О, эти ночные бдения в операторской (особенно любил я дежурить по ночам) перед картой земного шара размером в четверть футбольного поля. Тут и там на розовых экранах — они вмонтированы в карту — энергоисточники: атомные, тепловые и прочие станции в Канаде, Индии, Бразилии, везде, вплоть до Антарктиды. Зеркала гелеоустановок в пустынях, тысячи ветряков строго вдоль «розы ветров». А на зеленых экранах — потребители энергии: города, космодромы, подводные поселения.
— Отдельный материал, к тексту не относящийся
Lemma analytic_at_mult (u v : R -> R) (x0 : R) :
  analytic_at u x0 -> analytic_at v x0 -> analytic_at (fun t => u t * v t) x0.
Proof.
move=> [r1 [Hr1 [c1 H1]]] [r2 [Hr2 [c2 H2]]].
exists (Rmin r1 r2); split; first exact: Rmin_pos.
exists (PS_mult c1 c2) => h Hh.
have Hh1 : Rabs h < r1 by apply: Rlt_le_trans Hh (Rmin_l _ _).
have Hh2 : Rabs h < r2 by apply: Rlt_le_trans Hh (Rmin_r _ _).
apply: is_pseries_mult; [exact: H1|exact: H2| |].
- by apply: (ex_pseries_ball_CV_radius (r := r1)) => // y /H1; exists (u (x0 + y)).
- by apply: (ex_pseries_ball_CV_radius (r := r2)) => // y /H2; exists (v (x0 + y)).
Qed.

Lemma analytic_at_continuity (u : R -> R) (x0 : R) : analytic_at u x0 ->
  forall eps, 0 < eps ->
  exists d, 0 < d /\ forall h, Rabs h < d -> Rabs (u (x0 + h) - u x0) < eps.
Proof.
move=> [r [Hr [c Hc]]] eps Heps.
have Hc0 : Rbar_lt (Rabs 0) (CV_radius c).
  apply: (ex_pseries_ball_CV_radius (r := r)); last by rewrite Rabs_R0.
  by move=> y /Hc; exists (u (x0 + y)).
have [d [Hd Hball]] := continuity_pt_ball (PSeries_continuity _ _ Hc0) Heps.
exists (Rmin d r); split; first exact: Rmin_pos.
move=> h Hh; have Hhr : Rabs h < r by apply: Rlt_le_trans Hh (Rmin_r _ _).
rewrite -(is_pseries_unique _ _ _ (Hc h Hhr)) -(Rplus_0_r x0).
rewrite -(is_pseries_unique _ _ _ (Hc 0 _)); last by rewrite Rabs_R0.
have := Hball h; rewrite Rplus_0_l; apply; apply: Rlt_le_trans Hh (Rmin_l _ _).
Qed.

Lemma PSeries_eq0_left_coef0 (c : nat -> R) (r : R) : 0 < r ->
  (forall h, Rabs h < r -> ex_pseries c h) ->
  (forall h, - r < h < 0 -> PSeries c h = 0) -> c O = 0.
Proof.
move=> Hr Hc Hz; rewrite -PSeries_0.
apply: (continuity_pt_eq0_left Hr); last by move=> h Hh; rewrite Rplus_0_l; exact: Hz.
by apply: PSeries_continuity; apply: (ex_pseries_ball_CV_radius Hc); rewrite Rabs_R0.
Qed.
Тень ночи накатывалась на один материк, дуга небесного света поступала к другому. Мы осуществляли переброс энергии в планетарном масштабе. «Протей», как вы знаете, сам принимал решения, дело операторов — контролировать некоторые из них. Я спрашивал «Протея» о том или ином его действии — и он сразу отвечал своим низким голосом. Порою и он задавал мне вопросы, но тут, чаще всего, приходилось думать над ответом — далеко нашим умишкам до возможностей самоорганизующихся систем. Мы настолько притерлись друг к другу, что понимали любую ситуацию с намека, с полуслова. По крайней мере, так мне всегда казалось.

— А после «Большого затемнения» уже не кажется? — спросил я, посмотрев на часы.

— Зря вы нажимаете на эпитет «большой», — с обидою в голосе ответил он. — Ну погрузилась Австралия во тьму на три минуты с чем-то, ну в Аргентине десяток заводов остановился, поезда на правом крыле Транссибирской магистрали…

— Ну сто семьдесят девять людишек разных национальностей отдало концы, — нарочито меланхолично продолжил я.

— Понимаю вашу иронию, — опечалился Емельян. — Однако почему-то ваш Сенат не задумался над таким совпадением: все сто семьдесят девять, оказывается, были неизлечимо больны — СПИД, рак, ТРЭНС и так далее.

— Сенат, возможно, и задумался, иначе вы не гуляли бы по столь роскошному саду. Полагаете, «Протей» умудрился выбрать в жертву одних неизлечимых? Однако по человеческой логике…

И здесь опрашиваемый впервые меня перебил.

— «Протей» — явление надчеловеческое! — воскликнул он. — И потом, почему вы не спросите, ради чего пошел он на так называемое затемнение?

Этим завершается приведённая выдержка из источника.